- WORK TASK: Your answer should consist only of the lines below from the one with "vscal (/ tau)" through the one with "The first component", copied exactly.

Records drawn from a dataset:
(* There exists $C(\tau_0)\in(0,\infty)$ such that for all $\tau\in(0,\tau_0)$ and all $x_1,x_2,x\in\mathbb R^2$: (1) $\langle x_2-x_1,\psi_\tau(x_2)-\psi_\tau(x_1)\rangle\le C(\tau_0)\|x_2-x_1\|^2$; (2) $\|\psi_\tau(x_2)-\psi_\tau(x_1)\|\le C(\tau_0)(1+\|x_1\|^3+\|x_2\|^3)\|x_2-x_1\|$; (3) $\|\psi_\tau(x)-F(x)\|\le C(\tau_0)\,\tau\,(1+\|x\|^5)$. Moreover $\sup_{\tau\in(0,\tau_0)}\|\psi_\tau(0)\|<\infty$.
   Context: $\langle\cdot,\cdot\rangle$, $\|\cdot\|$ are the Euclidean inner product and norm on $\mathbb R^2$. Fix real $\gamma_1,\gamma_2,\beta$, $B=\begin{pmatrix}0&-1\\ \gamma_1&-\gamma_2\end{pmatrix}$ and $F(u,v)=(u-u^3-v,\ \gamma_1u-\gamma_2v+\beta)$. For $t\ge0$, $\phi^{\rm NL}_t(u,v)=\big(u/\sqrt{u^2+(1-u^2)e^{-2t}},\ v+\beta t\big)$ and $\phi^{\rm L}_t(x)=e^{tB}x$. Fix $\tau_0>0$; for $\tau\in(0,\tau_0)$ let $\phi_\tau=\phi^{\rm L}_\tau\circ\phi^{\rm NL}_\tau$ and $\psi_\tau(x)=(\phi_\tau(x)-x)/\tau$. *)

From Stdlib Require Import Reals Lra.
From Coquelicot Require Import Coquelicot.
Open Scope R_scope.

Definition vec := (R * R)%type.
Definition vadd (x y : vec) : vec := (fst x + fst y, snd x + snd y).
Definition vsub (x y : vec) : vec := (fst x - fst y, snd x - snd y).
Definition vscal (a : R) (x : vec) : vec := (a * fst x, a * snd x).
Definition inner (x y : vec) : R := fst x * fst y + snd x * snd y.
Definition vnorm (x : vec) : R := sqrt (inner x x).

Record mat2 := Mat2 { m11 : R; m12 : R; m21 : R; m22 : R }.
Definition mmul (A B : mat2) : mat2 :=
  Mat2 (m11 A * m11 B + m12 A * m21 B) (m11 A * m12 B + m12 A * m22 B)
       (m21 A * m11 B + m22 A * m21 B) (m21 A * m12 B + m22 A * m22 B).
Definition mid : mat2 := Mat2 1 0 0 1.
Fixpoint mpow (A : mat2) (k : nat) : mat2 :=
  match k with O => mid | S k' => mmul A (mpow A k') end.
Definition mapply (A : mat2) (x : vec) : vec :=
  (m11 A * fst x + m12 A * snd x, m21 A * fst x + m22 A * snd x).

Definition mexp (t : R) (A : mat2) : mat2 :=
  Mat2 (Series (fun k => t ^ k / INR (Factorial.fact k) * m11 (mpow A k)))
       (Series (fun k => t ^ k / INR (Factorial.fact k) * m12 (mpow A k)))
       (Series (fun k => t ^ k / INR (Factorial.fact k) * m21 (mpow A k)))
       (Series (fun k => t ^ k / INR (Factorial.fact k) * m22 (mpow A k))).

Definition Bmat (g1 g2 : R) : mat2 := Mat2 0 (-1) g1 (- g2).

Definition Ffield (g1 g2 beta : R) (x : vec) : vec :=
  (fst x - fst x ^ 3 - snd x, g1 * fst x - g2 * snd x + beta).

Definition phiNL (beta t : R) (x : vec) : vec :=
  (fst x / sqrt (fst x ^ 2 + (1 - fst x ^ 2) * exp (-2 * t)), snd x + beta * t).

Definition phiL (g1 g2 t : R) (x : vec) : vec := mapply (mexp t (Bmat g1 g2)) x.

Definition phi_tau (g1 g2 beta tau : R) (x : vec) : vec :=
  phiL g1 g2 tau (phiNL beta tau x).

Definition psi_tau (g1 g2 beta tau : R) (x : vec) : vec :=
  vscal (/ tau) (vsub (phi_tau g1 g2 beta tau x) x).

(* Write psi_tau = D_tau N_tau + (N_tau - id)/tau, where N_tau = phiNL and
   D_tau = (e^{tau B} - I)/tau = B + O(tau) by the remainder of the exponential series.
   The first component of N_tau is the exact flow p_tau of u' = u - u^3, whose slope
   e^{-2 tau}/s^{3/2} lies in [0, e^tau], exceeds 1 by at most tau e^tau, and falls short
   of 1 by at most 4 tau (1 + u^2).  By the mean value theorem an increment of psi_tau is
   D_tau applied to a vector of size O(|dx|), plus ((p' - 1)/tau) du in the first
   coordinate: the one-sided bound only sees the upper estimate of p', the Lipschitz bound
   uses both.  For consistency,
     psi_tau - F = (D_tau - B) N_tau + B (N_tau - id) + ((p_tau(u) - u)/tau - (u - u^3), 0),
   and a second-order expansion of 1/sqrt at 1 makes the last term O(tau (1 + |u|^5)).
   Since F(0) = (0, beta), the bound on psi_tau(0) follows from consistency. *)

From Stdlib Require Import Reals Lra Lia Psatz Factorial.
From Coquelicot Require Import Coquelicot.
Open Scope R_scope.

- ANSWER FOR THIS EXERCISE:
  vscal (/ tau) (vsub (phi_tau g1 g2 beta tau x) x).

(* Write psi_tau = D_tau N_tau + (N_tau - id)/tau, where N_tau = phiNL and
   D_tau = (e^{tau B} - I)/tau = B + O(tau) by the remainder of the exponential series.
   The first component of N_tau is the exact flow p_tau of u' = u - u^3, whose slope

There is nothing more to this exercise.